Raising Prescription Drug Prices Abroad Will Not Lower Prices in the U.S.
Raising Prescription Drug Prices Abroad Will Not Lower Prices in the U.S. (PDF)
President Trump’s “most-favored nation” executive order (EO) claims that drug prices are high in the U.S. because policies in other countries “suppress” prices below “fair market value” and “forc[e] American patients to pay for a disproportionate amount of global pharmaceutical research and development [R&D].” The order directs the Secretary of Commerce and the U.S. Trade Representative to pressure other countries to raise prices.
During President Trump’s first term, the administration also falsely claimed that prescription drug prices are high for Americans because they are lower elsewhere and enlisted the U.S. Trade Representative to help raise medicine prices abroad by lengthening prescription drug monopolies in other countries.

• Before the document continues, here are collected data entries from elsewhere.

(* Let $(X,\mathbb{Z}^k,T)$ be a $\mathbb{Z}^k$-action, let $d$ be a compatible metric on $X$, let $1\le h\le k$, and let $V\subseteq\mathbb{R}^k$ be an $h$-dimensional linear subspace. Then the quantity $$\lim_{\epsilon\to0}\ \liminf_{N\to\infty}\frac{\mathrm{Widim}_\epsilon\big(X,d^T_{B_r(V)\cap[-N,N]^k}\big)}{\mathrm{vol}_h\big(V\cap[-N,N]^k\big)}$$ is the same for every $r>\sqrt{k}/2$.
   Context: A $\mathbb{Z}^k$-action $(X,\mathbb{Z}^k,T)$ is a compact metric space with a continuous action $T\colon\mathbb{Z}^k\times X\to X$, $(n,x)\mapsto T^nx$. An $\epsilon$-embedding of $(X,d)$ is a continuous $f\colon X\to Y$ with $f(x)=f(x')\Rightarrow d(x,x')<\epsilon$. $\mathrm{Widim}_\epsilon(X,d)$ is the minimal topological dimension of a compact metric space $K$ admitting an $\epsilon$-embedding $X\to K$. $d^T_\Omega(x,x')=\max_{n\in\Omega}d(T^nx,T^nx')$ for finite $\Omega\subset\mathbb{Z}^k$. $B_r(V)=\{u\in\mathbb{Z}^k: |u-w|<r\text{ for some }w\in V\}$. $[-N,N]^k$ is the integer cube, or the real cube when intersected with $V$. $\mathrm{vol}_h$ is $h$-dimensional volume in $V$. *)

From HB Require Import structures.
From mathcomp Require Import all_boot all_order all_algebra.
From mathcomp Require Import all_classical all_reals all_analysis.
Set Implicit Arguments. Unset Strict Implicit. Unset Printing Implicit Defensive.
Import Order.TTheory GRing.Theory Num.Theory.
Local Open Scope classical_set_scope.
Local Open Scope ring_scope.

Section Defs.
Variable R : realType.

Definition compatible_metric (X : topologicalType) (d : X -> X -> R) : Prop :=
  [/\ (forall x y, 0 <= d x y),
      (forall x y, d x y = 0 <-> x = y),
      (forall x y, d x y = d y x),
      (forall x y z, d x z <= d x y + d y z) &
      (forall A : set X, open A <->
         (forall x, A x -> exists2 e : R, 0 < e & [set y | d x y < e] `<=` A))].

Definition compact_metrizable (K : topologicalType) : Prop :=
  compact [set: K] /\ exists dK : K -> K -> R, compatible_metric dK.

(* dim K <= n : every finite open cover has a finite open refinement
   of order <= n (each point lies in at most n+1 members). *)
Definition covdim_le (K : topologicalType) (n : nat) : Prop :=
  forall (I : finType) (U : I -> set K),
    (forall i, open (U i)) -> (forall x, exists i, U i x) ->
    exists (J : finType) (W : J -> set K),
      [/\ (forall j, open (W j)), (forall x, exists j, W j x),
          (forall j, exists i, W j `<=` U i) &
          (forall x, (#|[pred j | `[< W j x >]]| <= n.+1)%N)].

Definition eps_embedding (X K : topologicalType) (rho : X -> X -> R) (eps : R)
    (f : X -> K) : Prop :=
  continuous f /\ forall x x', f x = f x' -> rho x x' < eps.

Definition Widim (X : topologicalType) (rho : X -> X -> R) (eps : R) : \bar R :=
  ereal_inf [set (n%:R)%:E | n in
    [set n : nat | exists (K : topologicalType) (f : X -> K),
        compact_metrizable K /\ covdim_le K n /\ eps_embedding rho eps f]].

Definition Zk_action (k : nat) (X : topologicalType)
    (T : 'rV[int]_k -> X -> X) : Prop :=
  [/\ (forall x, T 0 x = x),
      (forall m n x, T (m + n) x = T m (T n x)) &
      (forall n, continuous (T n))].

Definition enorm (k : nat) (v : 'rV[R]_k) : R :=
  Num.sqrt (\sum_(i < k) v ord0 i ^+ 2).

Definition inBr (k : nat) (V : {vspace 'rV[R]_k}) (r : R) (u : 'rV[int]_k) : Prop :=
  exists2 w : 'rV[R]_k, w \in V & enorm (map_mx (fun z : int => z%:~R) u - w) < r.

(* enumeration of the integer cube [-N,N]^k *)
Definition cube_pt (k N : nat) (c : {ffun 'I_k -> 'I_(N.*2.+1)}) : 'rV[int]_k :=
  \row_i ((c i : nat)%:Z - N%:Z).

(* d^T_Omega with Omega = B_r(V) \cap [-N,N]^k (a finite set containing 0) *)
Definition dT_Omega (k : nat) (X : topologicalType) (d : X -> X -> R)
    (T : 'rV[int]_k -> X -> X) (V : {vspace 'rV[R]_k}) (r : R) (N : nat)
    (x x' : X) : R :=
  \big[Num.max/0]_(c : {ffun 'I_k -> 'I_(N.*2.+1)} | `[< inBr V r (cube_pt c) >])
     d (T (cube_pt c) x) (T (cube_pt c) x').

Definition Vcube (k : nat) (V : {vspace 'rV[R]_k}) (N : nat) : set 'rV[R]_k :=
  [set w | w \in V /\ forall i, `|w ord0 i| <= N%:R].

Fixpoint iint (n : nat) (g : seq R -> \bar R) : \bar R :=
  match n with
  | 0 => g [::]
  | n'.+1 => (\int[@lebesgue_measure R]_(t in [set: R]) iint n' (fun s => g (t :: s)))%E
  end.

Definition Vparam (k : nat) (V : {vspace 'rV[R]_k}) (t : seq R) : 'rV[R]_k :=
  \sum_(i < \dim V) nth 0 t i *: tnth (vbasis V) i.

Definition Vgram (k : nat) (V : {vspace 'rV[R]_k}) : 'M[R]_(\dim V) :=
  \matrix_(i, j) (tnth (vbasis V) i *m (tnth (vbasis V) j)^T) ord0 ord0.

(* vol_h(S) for S \subset V (h = \dim V): area formula
   sqrt(det Gram) * int_{R^h} 1_S(sum_i t_i b_i) dt *)
Definition volV (k : nat) (V : {vspace 'rV[R]_k}) (S : set 'rV[R]_k) : \bar R :=
  ((Num.sqrt (\det (Vgram V)))%:E *
     iint (\dim V) (fun t => (\1_S (Vparam V t))%:E))%E.

Definition widim_ratio_liminf (k : nat) (X : topologicalType) (d : X -> X -> R)
    (T : 'rV[int]_k -> X -> X) (V : {vspace 'rV[R]_k}) (r eps : R) : \bar R :=
  limn_einf (fun N : nat =>
    (Widim (dT_Omega d T V r N) eps * ((fine (volV V (Vcube V N)))^-1)%:E)%E).

End Defs.

From HB Require Import structures.
From mathcomp Require Import all_boot all_order all_algebra.
From mathcomp Require Import all_classical all_reals all_analysis.
From mathcomp Require Import ring lra zify.
Set Implicit Arguments. Unset Strict Implicit. Unset Printing Implicit Defensive.
Import Order.TTheory GRing.Theory Num.Theory.
Local Open Scope classical_set_scope.
Local Open Scope ring_scope.

(* Write g_r(eps) for the liminf.  Widim_eps can only grow when eps shrinks, so
   g_r is nonincreasing and g_r(eps) converges, as eps -> 0+, to its supremum
   over eps > 0.  It remains to see that sup g_r2 <= sup g_r1 when r1 > sqrt(k)/2.
   - Geometry (lattice_approximation): every lattice point of B_r2(V) /\ [-N,N]^k
     lies within sup-distance M of a lattice point of B_r1(V) /\ [-N,N]^k, with M
     independent of N; shrink the witness in V by N/(N+r2), then round it.
   - Dynamics (dT_Omega_compare): since T^u = T^(u-z) o T^z with u-z in the fixed
     finite cube [-M,M]^k, and finitely many continuous maps on a compact metric
     space are uniformly equicontinuous, for every e > 0 some delta > 0 gives
     d^T_{Omega_r1} < delta ==> d^T_{Omega_r2} < e, for all N at once.
   Consequently Widim_e(d^T_{Omega_r2}) <= Widim_delta(d^T_{Omega_r1}), hence
   g_r2(e) <= g_r1(delta), and the suprema compare. *)

Section CompatibleMetric.
Variables (R : realType) (X : topologicalType) (d : X -> X -> R).
Hypothesis dc : compatible_metric d.

Lemma open_dball x e : open [set y | d x y < e].
Proof.
case: dc => _ _ _ dtri dopen; apply/dopen => y /= dxy.
exists (e - d x y); first by rewrite subr_gt0.
by move=> z /= dyz; have := dtri x y z; lra.
Qed.

Lemma nbhs_dball x e : 0 < e -> nbhs x [set y | d x y < e].
Proof.
move=> e0; apply: open_nbhs_nbhs; split; first exact: open_dball.
by case: dc => _ dE _ _ _ /=; rewrite (proj2 (dE x x) erefl).
Qed.

Lemma dball_sub_nbhs x A :
  nbhs x A -> exists2 e, 0 < e & [set y | d x y < e] `<=` A.
Proof.
case: dc => _ _ _ _ dopen; rewrite nbhsE => -[B [oB Bx] BA].
have [e e0 eB] := (proj1 (dopen B) oB) x Bx.
by exists e => // y /eB /BA.
Qed.

End CompatibleMetric.

Section UniformContinuity.
Variables (R : realType) (X Y : topologicalType).
Variables (dX : X -> X -> R) (dY : Y -> Y -> R).
Hypotheses (cX : compact [set: X]) (dXc : compatible_metric dX).
Hypothesis dYc : compatible_metric dY.

Lemma uniform_continuity (g : X -> Y) : continuous g ->
  forall e, 0 < e -> exists2 δ, 0 < δ & forall a b, dX a b < δ -> dY (g a) (g b) < e.
Proof.
move=> gc e e0; case: (dXc) => _ _ dXsym dXtri _; case: (dYc) => _ _ dYsym dYtri _.
have : \forall δ \near 0^'+, [set: X] `<=` [set a | forall b, dX a b < δ -> dY (g a) (g b) < e].
  apply: (proj1 (compact_near_coveringP _) cX) => x _.
  have [η η0 ηball] : exists2 η, 0 < η &
      [set y | dX x y < η] `<=` g @^-1` [set z | dY (g x) z < e / 2].
    by apply: dball_sub_nbhs => //; apply: gc; apply: nbhs_dball => //; lra.
  exists ([set y | dX x y < η / 2], [set δ | 0 < δ < η / 2]).
    split => /=; first by apply: nbhs_dball => //; lra.
    exists (η / 2) => /=; first lra.
    by move=> y /= + y0; rewrite sub0r normrN gtr0_norm //; lra.
  move=> [x' δ] /= [dxx' /andP[δ0 δη]] b dx'b.
  have /= gxb : dY (g x) (g b) < e / 2 by apply: ηball => /=; have := dXtri x x' b; lra.
  have /= gxx' : dY (g x) (g x') < e / 2 by apply: ηball => /=; lra.
  by rewrite dYsym in gxx'; have := dYtri (g x') (g x) (g b); lra.
move=> /(filterI (nbhs_right_gt 0)) /filter_ex [δ [δ0 Hδ]].
by exists δ => // a b; apply: Hδ.
Qed.

Lemma uniform_equicontinuity (I : finType) (g : I -> X -> Y) :
  (forall i, continuous (g i)) ->
  forall e, 0 < e -> exists2 δ, 0 < δ &
    forall i a b, dX a b < δ -> dY (g i a) (g i b) < e.
Proof.
move=> gc e e0.
suff [δ δ0 Hδ] : exists2 δ, 0 < δ &
    forall i, i \in enum I -> forall a b, dX a b < δ -> dY (g i a) (g i b) < e.
  by exists δ => // i; apply: Hδ; rewrite mem_enum.
elim: (enum I) => [|j s [δ δ0 Hδ]]; first by exists 1.
have [δj δj0 Hj] := uniform_continuity (gc j) e0.
exists (Num.min δ δj); first by rewrite lt_min δ0 δj0.
move=> i; rewrite inE => /orP[/eqP -> | iS] a b; rewrite lt_min => /andP[abδ abδj].
  exact: Hj.
exact: Hδ.
Qed.

End UniformContinuity.

Lemma limn_einf_le (R : realType) (u v : (\bar R)^nat) :
  (forall n, (u n <= v n)%E) -> (limn_einf u <= limn_einf v)%E.
Proof.
move=> uv; rewrite !limn_einf_lim.
apply: lee_lim; [exact: is_cvg_einfs | exact: is_cvg_einfs |].
apply: nearW => n; apply: le_ereal_inf_tmp => _ [m nm <-].
by apply: le_trans (uv m); apply: ereal_inf_lbound; exists m.
Qed.

(* Widim is antitone in the pair (metric, scale): an e1-embedding for rho1 is an
   e2-embedding for rho2 as soon as rho1 < e1 forces rho2 < e2. *)
Lemma Widim_le (R : realType) (X : topologicalType) (rho1 rho2 : X -> X -> R)
    (e1 e2 : R) :
  (forall x x', rho1 x x' < e1 -> rho2 x x' < e2) ->
  (Widim rho2 e2 <= Widim rho1 e1)%E.
Proof.
move=> rho12; apply: ereal_inf_le_tmp; apply: image_subset.
move=> n [K [f [cK [dimK [fc fe]]]]]; exists K, f; split=> //; split=> //; split=> //.
by move=> x x' /fe /rho12.
Qed.

Section EuclideanNorm.
Variables (R : realType) (k : nat).

Lemma coord_le_enorm (a : 'rV[R]_k) i : `|a ord0 i| <= enorm a.
Proof.
rewrite /enorm -sqrtr_sqr ler_sqrt; last by apply: sumr_ge0 => j _; exact: sqr_ge0.
by rewrite (bigD1 i) //= lerDl; apply: sumr_ge0 => j _; exact: sqr_ge0.
Qed.

Lemma enorm_le_half (a : 'rV[R]_k) :
  (forall i, `|a ord0 i| <= 1 / 2) -> enorm a <= Num.sqrt (k%:R) / 2.
Proof.
move=> a_half; have q0 : 0 <= Num.sqrt (k%:R : R) / 2.
  by apply: divr_ge0 => //; exact: sqrtr_ge0.
rewrite /enorm -[leRHS](ger0_norm q0) -sqrtr_sqr ler_sqrt; last exact: sqr_ge0.
rewrite expr_div_n sqr_sqrtr //.
have -> : (k%:R : R) / 2 ^+ 2 = \sum_(i < k) (1 / 4 : R).
  by rewrite sumr_const card_ord -mulr_natl; field.
apply: ler_sum => i _; have := a_half i; rewrite ler_norml => /andP[? ?]; nra.
Qed.

End EuclideanNorm.

Lemma round_half (R : realType) (x : R) : `|(Num.floor (x + 1 / 2))%:~R - x| <= 1 / 2.
Proof.
have := floor_itv (x + 1 / 2); rewrite intrD => /andP[? ?].
by rewrite ler_norml; apply/andP; split; lra.
Qed.

Lemma int_near_le (R : realType) (z : int) (x : R) (N : nat) :
  `|x| <= N%:R -> `|z%:~R - x| <= 1 / 2 -> `|z| <= N%:Z.
Proof.
rewrite !ler_norml => /andP[? ?] /andP[? ?]; apply/andP; split.
  by rewrite -ltzD1 -(ltr_int R) intrD intrN; lra.
by rewrite -ltzD1 -(ltr_int R) intrD; lra.
Qed.

Lemma shrink_coord (R : realType) (N r x y : R) :
  0 <= N -> 0 < r -> `|x| <= N -> `|x - y| < r ->
  `|N / (N + r) * y| <= N /\ `|x - N / (N + r) * y| < 2 * r.
Proof.
move=> N0 r0; rewrite ler_norml ltr_norml => /andP[? ?] /andP[? ?].
set s := N / (N + r).
have s0 : 0 <= s by apply: divr_ge0 => //; lra.
have sE : s * (N + r) = N by rewrite /s mulfVK //; apply/negP => /eqP; lra.
have s1 : s <= 1 by nra.
have ? : 0 <= s * (N + r - y) by apply: mulr_ge0 => //; lra.
have ? : 0 <= s * (y + N + r) by apply: mulr_ge0 => //; lra.
have ? : 0 <= (1 - s) * (N + r - y) by apply: mulr_ge0 => //; lra.
have ? : 0 <= (1 - s) * (y + N + r) by apply: mulr_ge0 => //; lra.
by rewrite ler_norml ltr_norml; split; apply/andP; split; nra.
Qed.

Definition in_int_cube (k N : nat) (u : 'rV[int]_k) : Prop :=
  forall i, `|u ord0 i| <= N%:Z.

Lemma cube_pt_in_cube k N (c : {ffun 'I_k -> 'I_(N.*2.+1)}) :
  in_int_cube N (cube_pt c).
Proof.
move=> i; rewrite mxE; case: (c i) => [m /= hm].
by rewrite ler_norml; apply/andP; split; lia.
Qed.

Lemma cube_pt_onto k N (z : 'rV[int]_k) :
  in_int_cube N z -> exists c : {ffun 'I_k -> 'I_(N.*2.+1)}, cube_pt c = z.
Proof.
move=> zN; exists [ffun i => inord (absz (z ord0 i + N%:Z))].
apply/rowP => i; rewrite !mxE ffunE inordK; have := zN i; rewrite (_ : ord0 = 0) //; lia.
Qed.

Lemma lattice_approximation (R : realType) k (V : {vspace 'rV[R]_k}) (r1 r2 : R) :
  Num.sqrt (k%:R) / 2 < r1 ->
  exists M : nat, forall (N : nat) (u : 'rV[int]_k),
    in_int_cube N u -> inBr V r2 u ->
    exists2 z : 'rV[int]_k, in_int_cube N z /\ inBr V r1 z & in_int_cube M (u - z).
Proof.
move=> r1_big; exists (Num.truncn (2 * r2 + 1)).+1 => N u uN [w wV uw].
have r2_gt0 : 0 < r2 by apply: le_lt_trans uw; exact: sqrtr_ge0.
set s : R := N%:R / (N%:R + r2).
pose z : 'rV[int]_k := \row_i Num.floor (s * w ord0 i + 1 / 2).
have shrunk i : `|s * w ord0 i| <= N%:R /\ `|(u ord0 i)%:~R - s * w ord0 i| < 2 * r2.
  apply: shrink_coord => //; first by have := uN i; rewrite -(ler_int R) intr_norm.
  by have := coord_le_enorm (map_mx (fun z : int => z%:~R) u - w) i; rewrite !mxE; lra.
have rounded i : `|(z ord0 i)%:~R - s * w ord0 i| <= 1 / 2 by rewrite mxE round_half.
exists z; first split.
- by move=> i; apply: int_near_le (rounded i); case: (shrunk i).
- exists (s *: w); first exact: memvZ.
  by apply: le_lt_trans r1_big; apply: enorm_le_half => i; have := rounded i; rewrite !mxE.
- move=> i; have -> : (u - z) ord0 i = u ord0 i - z ord0 i by rewrite !mxE.
  rewrite -(ler_int R) intr_norm intrB.
  have := truncnS_gt (2 * r2 + 1); have [_] := shrunk i; have := rounded i.
  by rewrite !ler_norml !ltr_norml => /andP[? ?] /andP[? ?] ?; apply/andP; split; lra.
Qed.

The EO revives Trump’s misguided first-term policy approach—blaming other countries for a U.S.-made problem and using government power to prop up Big Pharma abroad. This approach would entrench monopoly pricing power everywhere while doing nothing to address the affordability crisis in the U.S.
Higher prices in other countries will not generate lower prices in the U.S.
Drug prices are lower in other countries compared to the U.S. because those countries have systems in place to moderate the monopoly pricing excesses of prescription drug corporations. Better deals achieved by other countries are not “subsidized” through higher U.S. prices. There is no reason to believe that raising prices abroad will have any impact on domestic prices. Instead, deregulating or otherwise raising prices abroad would only reinforce corporate power to set high prices.
- According to the Congressional Budget Office, pharmaceutical prices are influenced by a buyer’s willingness to pay and pricing regulations.[1] U.S. prices, therefore, do not represent “fair market value” or a benchmark that other countries should approach but instead show the largely unregulated monopoly power that pharmaceutical corporations have to dictate prices. This power is reflected in rising U.S. launch prices (in 2024, the median launch price for a new drug was over $370,000, double what it had been four years earlier) and regular price hikes (between 2022 and 2023, among drugs with price increases, changes in list prices averaged out to an additional $590 per product, driven by increases in already expensive medicines).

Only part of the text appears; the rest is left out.